Live Stress-Free By Doing Body Scan Meditation

By now, you've heard the praises of the benefits of meditation. Here's a step-by-step guide to meditating and living a stress-free life.

At this point, you’ve probably heard all about the benefits of meditation. But with so many types of meditation to choose from, it can be overwhelming to start.

Enter a body scan, a meditative practice that involves mentally scanning your body for pain, tension, or anything out of the ordinary.

Developing a greater awareness of bodily sensations can help you feel more connected to your physical self and learn more about potential causes of unwanted feelings.

This knowledge can make it easier to sort out what’s wrong, leading to a better body and mind.

Benefits of a regular practice

Experts have found evidence that meditation can improve physical and emotional health in a variety of ways, such as:

We spoke to renowned yoga expert and trainer Samiksha Shetty, who suggested a simple body scan meditation technique to relieve stress and tension.

Shetty says, “A simple body scan meditation is a good way to release physical tension stored in the body. By mentally scanning yourself, you gradually bring awareness to body parts and bodily sensations, starting with the feet and moving up to the head.”

If you practice regularly, you will reap these incredible benefits of meditation:

How to do a body scan meditation?

As with all forms of meditation, the body scan should be simple. You can think of a body scan as a mental X-ray slowly traveling through your body.

1. Be comfortable

Start by lying down and allow your limbs to stretch fully.

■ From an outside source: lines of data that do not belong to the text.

Lemma polyfun_nth N i : (i < N)%N -> polyfun N (fun s => nth 0 s i).
Proof.
elim: N i => [|N IH] [|i] //= Hi.
  exists 'I_1, (fun _ _ => 1), (fun _ => 1%N); split => [_|x s].
    exact: polyfun_cst.
  by rewrite big_ord1 mul1r expr1.
exists 'I_1, (fun _ s => nth 0 s i), (fun _ => 0%N); split => [_|x s].
  exact: IH.
by rewrite big_ord1 expr0 mulr1.
Qed.

Lemma polyfun_det N k (A : seq R -> 'M[R]_k) :
  (forall i j, polyfun N (fun s => A s i j)) -> polyfun N (fun s => \det (A s)).
Proof.
move=> HA; apply: polyfun_sum => sg.
by apply: polyfunM; [exact: polyfun_cst|apply: polyfun_prod => i; exact: HA].
Qed.

Lemma polyfun_adj N k (A : seq R -> 'M[R]_k) :
  (forall i j, polyfun N (fun s => A s i j)) ->
  forall i j, polyfun N (fun s => \adj (A s) i j).
Proof.
move=> HA i j; apply: (eq_polyfun (f := fun s => cofactor (A s) j i)).
  by move=> s; rewrite mxE.
apply: polyfunM; first exact: polyfun_cst.
apply: (polyfun_det (A := fun s => row' j (col' i (A s)))) => a b.
apply: (eq_polyfun (f := fun s => A s (lift j a) (lift i b))); last exact: HA.
by move=> s; rewrite !mxE.
Qed.

End PolynomialFunctions.

Section GaussianGenericity.
Variable R : realType.

Definition poly_of_terms (I : finType) (c : I -> R) (e : I -> nat) : {poly R} :=
  \sum_(t : I) c t *: 'X^(e t).

Lemma coef_poly_of_terms (I : finType) (c : I -> R) (e : I -> nat) k :
  (poly_of_terms c e)`_k = \sum_(t : I) c t * (e t == k)%:R.
Proof.
rewrite coef_sum; apply: eq_bigr => t _.
by rewrite coefZ coefXn eq_sym.
Qed.

Lemma horner_poly_of_terms (I : finType) (c : I -> R) (e : I -> nat) x :
  (poly_of_terms c e).[x] = \sum_(t : I) c t * x ^+ e t.
Proof.
rewrite horner_sum; apply: eq_bigr => t _.
by rewrite hornerZ hornerXn.
Qed.

Lemma terms_coef_neq0 (I : finType) (c : I -> R) (e : I -> nat) x :
  \sum_(t : I) c t * x ^+ e t != 0 -> exists k, \sum_(t : I) c t * (e t == k)%:R != 0.
Proof.
rewrite -horner_poly_of_terms => px.
have /eqP/polyP/existsNP [k ck] : poly_of_terms c e != 0.
  by apply: contraNneq px => ->; rewrite horner0.
by exists k; rewrite -coef_poly_of_terms; apply/eqP; move: ck; rewrite coef0.
Qed.

Lemma terms_neq0_off_seq (I : finType) (c : I -> R) (e : I -> nat) k :
  \sum_(t : I) c t * (e t == k)%:R != 0 ->
  exists rs : seq R, forall x, x \notin rs -> \sum_(t : I) c t * x ^+ e t != 0.
Proof.
rewrite -coef_poly_of_terms => ck.
have p0 : poly_of_terms c e != 0 by apply: contraNneq ck => ->; rewrite coef0.
have [rs Hrs] := poly_roots_in_seq p0.
exists rs => x; rewrite -horner_poly_of_terms; apply: contra => /eqP.
exact: Hrs.
Qed.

Sitting upright is also an option if this is not possible or comfortable.

Focus on deep breathing

Close your eyes and begin by focusing on your breath. Slowly slow down your breathing and start breathing from your belly. Inhale – let the belly expand or inflate like a balloon. Breathe – squeeze/empty the stomach.

2. Bring awareness

Now slowly bring your full attention to your feet. Start by noticing any sensations you feel there. If you feel pain, acknowledge it and any accompanying thoughts or feelings and breathe gently.

“If you start to feel pain and discomfort, accept whatever emotions these feelings bring up and sit. Accept them without judgment or criticism. For example, don’t judge yourself for feeling these feelings if you feel frustrated or angry. Silently and quietly notice them and let them pass. Make yourself aware, but be discreet,” says Shetty, co-founder of Moon Village Cafe.

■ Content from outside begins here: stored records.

Definition rhs_g (K : mat) : mat := fun i j => -2 * K i j.
Definition rhs_K (C : sconst) (Lam : R) (g K F : mat) (E u : vec) (rho Th00 : R) (Th0 : vec)
  : mat := fun i j =>
  Ric C g i j + Hmc g K * K i j - 2 * sum3 (fun l => Kud g K l j * K i l)
  - 8 * PI * (tauij g E F i j + Tij g u rho i j)
  + 4 * PI * (- T00 g u rho Th00
              + sum3 (fun l => sum3 (fun m => ginv g l m * Tij g u rho l m))) * g i j
  - Lam * g i j.
Definition rhs_F (C : sconst) (g : mat) (E : vec) : mat := fun i j =>
  sum3 (fun k => C k i j * sum3 (fun l => g k l * E l)).
Definition rhs_E (C : sconst) (g K F : mat) (E u : vec) : vec := fun i =>
  Hmc g K * E i - CE C E * u i / u0 g u
  - sum3 (fun k => sum3 (fun l => sum3 (fun m => trC C k * ginv g k l * ginv g i m * F l m)))
  - (1/2) * sum3 (fun j => sum3 (fun k => sum3 (fun l => sum3 (fun m =>
        C i j k * ginv g j l * ginv g k m * F l m)))).
Definition rhs_u (C : sconst) (g K F : mat) (E u : vec) (rho : R) : vec := fun i =>
  2 * sum3 (fun j => Kud g K i j * u j)
  - sum3 (fun j => sum3 (fun k => gam C g i j k * u j * u k)) / u0 g u
  + 3 / (4 * rho * u0 g u) * CE C E * E i
  - 3 / (4 * rho * (u0 g u)^2) * CE C E *
      sum3 (fun l => sum3 (fun m => ginv g i l * F m l * u m)).
Definition rhs_Th00 (C : sconst) (g K : mat) (u : vec) (rho Th00 : R) (Th0 : vec) : R :=
  Hmc g K * Th00 - sum3 (fun i => sum3 (fun j => C i i j * Th0 j))
  + (1/3) * rho * Hmc g K + rho * u0 g u.
Definition rhs_Th0 (C : sconst) (g K : mat) (u : vec) (rho : R) (Th0 : vec) : vec := fun i =>
  Hmc g K * Th0 i + 2 * sum3 (fun j => Kud g K i j * Th0 j)
  - rho / 3 * (sum3 (fun j => trC C j * ginv g i j)
               + sum3 (fun j => sum3 (fun k => gam C g i j k * ginv g j k)))
  + rho * u i.
Definition rhs_rho (C : sconst) (g K : mat) (E u : vec) (rho : R) : R :=
  - (3 / (4 * u0 g u)
     + sum3 (fun i => sum3 (fun j => K i j * u i * u j)) / (u0 g u)^2
     - Hmc g K + sum3 (fun j => trC C j * u j) / u0 g u) * rho
  - 3/4 * sum3 (fun i => sum3 (fun l => g i l * CE C E * E l * u i)) / (u0 g u)^3.
Definition rhs_e (C : sconst) (g K : mat) (E u : vec) (rho e : R) : R :=
  - (sum3 (fun i => sum3 (fun j => K i j * u i * u j)) / (u0 g u)^2
     + sum3 (fun k => trC C k * u k) / u0 g u - Hmc g K) * e
  + 3/4 * sum3 (fun i => sum3 (fun j => g i j * u i * E j)) / (u0 g u)^2 * (e^2 / rho).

One of the most significant benefits of meditation is that you will become more accepting and love yourself and others more.

3. Scan your entire body

Continue this exercise with each area of ​​your body, slowly moving from your feet to the top of your head. Pay attention to how you feel and where you hold stress.

If you feel discomfort in any body part during the scan, focus on that part only. Notice any tightness, pain, or pressure you feel along the way. Breathe into that part of the body.

4. Go slow

Spend 20 seconds to 1 minute observing these sensations in each section. To reap the benefits of meditation, Shetty recommends continuing to breathe, imagining that pain and tension are easing with each breath. With each inhalation and exhalation, feel or visualize the stress leaving your body with your exhalation.

Stress management will become easier if you try this body scan meditation.

5. Let it go

Slowly release your mental awareness of that particular body part and direct it to the next area of focus.

6. Keep a traveler’s mind

As you continue to scan your body, notice when your thoughts drift, and your mind wanders. This will likely happen a few times, so don’t stress about it. You have not failed; you can quickly get your thoughts back on track. Gently bring your awareness back to where you stopped scanning.

Focusing during meditation is not as difficult as you might think.

After scanning the entire body, say “Om” three times. This is optional, but if you know the benefits of chanting Om, you can do it! When you’re done, gently wiggle your toes and fingers. Put your feet together, raise both hands above your head and stretch in opposite directions. Place your palms gently in front of your chest, rubbing your palms together to create some warmth. Place your palms slowly over your eyes. Close your eyes and then slowly open your eyes.

Shetty shares, “If you don’t have a lot of time, you can do a short version of this body scan meditation by just sitting and noticing where you are carrying tension in your body, rather than moving from part to part of your body. . It will be easier if you practice body scan meditation.”

Make it a habit

You may notice some improvements right away. Still, a body scan may have no effect. It can also make your anxiety worse by raising your awareness of it.

This may put you off meditating altogether, but try a few to see if things improve.

Many people don’t enjoy meditation or see no benefit the first few times they try it. But experts suggest that it’s worth meditating regularly even if you don’t like it.

Regular meditation can lead to positive changes in your brain, including:

If it helps, you can think of meditation as an exercise for your brain. Maybe you don’t want to sweat all the time, especially if you’ve already had a tough day. But your training is generally more accessible once you get going, right?

You can feel pretty good when you’re done working out, and maintaining an exercise routine usually makes it more accessible over time.